В осенние месяцы 1825 года, как всегда в тяжелые, тревожные моменты своей жизни, поэт находил спасение в работе. Они оказались столь же плодотворными, как и предыдущая осень 1824 года. Прав был Рылеев – Пушкин действительно шагал «шагами великана», создавал произведения, определяющие рождение новой русской литературы. В октябре – начале декабря, кроме лирических стихотворений, посланий, посвящений, эпиграмм, кроме «19 октября» и «Сцены из Фауста», были закончены четвертая глава «Евгения Онегина», «Борис Годунов», написан «Граф Нулин».
«В 4-ой песне Онегина я изобразил свою жизнь»

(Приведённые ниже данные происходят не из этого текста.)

(* Let y be in Viet^m(W) with supp y inside an open A in W.  A Lipschitz cutoff
   phi : X -> [0,1] vanishes on supp y, is nonzero only at distance >= rho from
   supp y, and is < 1 only inside A.  The contraction first damps a measure v by
   the weight 1 - 2t phi and renormalises (t <= 1/2), then mixes the result
   linearly with y (t >= 1/2); during the mixing only points with phi < 1 carry
   mass, so every measure on the path still lies in Viet^m(W).

   All these maps have the form v |-> (1 - lam) q v / <q, v> + lam y, and this
   family is closed under composition.  Hence the measures near y that keep more
   than half of their mass on {phi = 0} and whose whole orbit under the family
   stays in a given neighbourhood N form a neighbourhood of y inside N that the
   contraction preserves.  On it the normalising constants <q, v> are >= 1/2,
   and continuity for W1 follows from a partial transport estimate: a
   subcoupling of mass m extends to a coupling at extra cost (1 - m) diam X,
   which is finite since X is compact. *)

From HB Require Import structures.
From mathcomp Require Import all_boot all_order all_algebra.
From mathcomp Require Import boolp classical_sets functions cardinality fsbigop reals ereal.
From mathcomp Require Import ring lra.
Set Implicit Arguments. Unset Strict Implicit. Unset Printing Implicit Defensive.
Import Order.TTheory GRing.Theory Num.Theory.
Local Open Scope classical_set_scope.
Local Open Scope ring_scope.

Section FinSupportSums.
Variables (R : realType) (T : choiceType).

Lemma fsbig_setT_seq (f : T -> R) (s : seq T) : uniq s ->
  (forall x, f x != 0 -> x \in s) ->
  \sum_(x \in [set: T]) f x = \sum_(x <- s) f x.
Proof.
move=> us hs; rewrite (fsbigE s) //.
- by apply: eq_bigl => i; rewrite in_setT.
- move=> i _ nis; apply/eqP; apply: contraNT nis; exact: hs.
Qed.

Lemma fsbig_supp (f : T -> R) :
  \sum_(x \in supp f) f x = \sum_(x \in [set: T]) f x.
Proof.
apply: fsbig_widen => // x [_ /=]; rewrite /supp /= => /negP; rewrite negbK.
by move/eqP.
Qed.

Lemma finite_set_uniq_seq (A : set T) : finite_set A ->
  exists s : seq T, uniq s /\ forall x, A x -> x \in s.
Proof.
move=> /finite_seqP [s ->]; exists (undup s); split; first exact: undup_uniq.
by move=> x /= xs; rewrite mem_undup.
Qed.

Lemma fsprob_sum_seq (u : T -> R) s : fsprob u -> uniq s ->
  (forall x, u x != 0 -> x \in s) -> \sum_(x <- s) u x = 1.
Proof. by case=> _ _ h us hs; rewrite -(fsbig_setT_seq us hs) -fsbig_supp. Qed.

End FinSupportSums.

Section SeqSums.
Variables (R : numDomainType) (I : eqType) (r : seq I).

Lemma ler_sum_seq (F G : I -> R) :
  (forall i, i \in r -> F i <= G i) -> \sum_(i <- r) F i <= \sum_(i <- r) G i.
Proof. by move=> h; rewrite big_seq [X in _ <= X]big_seq; apply: ler_sum. Qed.

Lemma sumr_ge0_seq (F : I -> R) :
  (forall i, i \in r -> 0 <= F i) -> 0 <= \sum_(i <- r) F i.
Proof. by move=> h; rewrite big_seq; apply: sumr_ge0. Qed.

Lemma sumr_eq0_seq (F : I -> R) :
  (forall i, i \in r -> 0 <= F i) -> \sum_(i <- r) F i = 0 ->
  forall i, i \in r -> F i = 0.
Proof.
move=> h0 /eqP; rewrite big_seq psumr_eq0 // => /allP h i ir.
by have /implyP/(_ ir)/eqP := h i ir.
Qed.

Lemma sum_seq_delta (j : I) (F : I -> R) : uniq r -> j \in r ->
  \sum_(i <- r) (if i == j then F i else 0) = F j.
Proof.
move=> ur jr; rewrite (bigD1_seq j) //= eqxx big1_seq ?addr0 //.
by move=> i /andP[/negbTE -> _].
Qed.

End SeqSums.

Section Transport.
Variables (R : realType) (X : choiceType) (d : X -> X -> R).
Hypothesis hd : is_metric d.

Lemma metric_ge0 x x' : 0 <= d x x'. Proof. by case: hd. Qed.
Lemma metric_xx x : d x x = 0. Proof. by case: hd => _ h _ _; apply/h. Qed.
Lemma metricC x x' : d x x' = d x' x. Proof. by case: hd. Qed.
Lemma metric_triangle x x' x'' : d x x'' <= d x x' + d x' x''.
Proof. by case: hd. Qed.

Definition seq_coupling (s : seq X) (u v : X -> R) (pi : X * X -> R) :=
  [/\ uniq s, (forall p, 0 <= pi p),
      (forall x x', pi (x, x') != 0 -> (x \in s) && (x' \in s)),
      (forall x, \sum_(x' <- s) pi (x, x') = u x) &
      (forall x', \sum_(x <- s) pi (x, x') = v x')].

Definition seq_cost (s : seq X) (pi : X * X -> R) :=
  \sum_(x <- s) \sum_(x' <- s) pi (x, x') * d x x'.

Lemma cost_seq_cost s pi : uniq s ->
  (forall x x', pi (x, x') != 0 -> (x \in s) && (x' \in s)) ->
  cost d pi = seq_cost s pi.
Proof.
move=> us hs; rewrite /cost.
rewrite (fsbig_widen _ [set: X * X]) //; last first.
  move=> p [_ /=]; rewrite /supp /= => /negP; rewrite negbK => /eqP ->.
  by rewrite mul0r.
rewrite (@fsbig_setT_seq _ _ _ [seq (x, y) | x <- s, y <- s]).
- by rewrite big_allpairs.
- by apply: allpairs_uniq => // -[a b] [a' b'] _ _.
- move=> [x x'] /=; rewrite mulf_eq0 negb_or => /andP[h _].
  by have /andP[h1 h2] := hs _ _ h; apply/allpairsP; exists (x, x').
Qed.

Lemma seq_coupling_coupling s u v pi : seq_coupling s u v pi -> coupling u v pi.
Proof.
case=> us p0 hs hr hc; split => //.
- apply: (@sub_finite_set _ _ [set` [seq (x, y) | x <- s, y <- s]]);
    last exact: finite_seq.
  move=> [x x'] /= h; have /andP[h1 h2] := hs _ _ h.
  by apply/allpairsP; exists (x, x').
- move=> x; rewrite fsbig_supp (fsbig_setT_seq us) //.
  by move=> x' h; have /andP[] := hs _ _ h.
- move=> x'; rewrite fsbig_supp (fsbig_setT_seq us) //.
  by move=> x h; have /andP[] := hs _ _ h.
Qed.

Когда Пушкин уезжал из Одессы, большая тетрадь в черном переплете с масонским знаком – подарок казначея ложи «Овидий» Н. А. Алексеева, куда поэт записывал строфы своего поэтического романа «Евгений Онегин», была заполнена до 11-й страницы. Последней была записана XXXII строфа третьей главы. Дальше «масонская книга» заполнялась уже в Михайловском.
К продолжению работы над романом Пушкин приступил вскоре по приезде в деревню. Под переработанной XXXII строфой третьей главы стоит дата «5 сентября 1824 г.». Работа шла весьма интенсивно. 2 октября 1824 года третья глава была закончена, а вскоре начата четвертая.
Над четвертой главой Пушкин работал весь 1825 год, одновременно со многими другими произведениями. Последняя, LI строфа помечена 6 февраля 1826 года.
В перечне глав романа, составленном Пушкиным, четвертая глава названа «Деревня». Впрочем, уже вторая и третья главы, создававшиеся еще в Одессе, могли бы носить то же название – так тесно связаны описываемые в них события, характеры и судьбы героев с русской деревней, всем укладом ее жизни, природой и бытом. Однако именно в центральных главах романа, созданных в Михайловском, деревня стала не просто фоном, на котором происходит действие, а органической частью этого действия, как в первой главе – Петербург.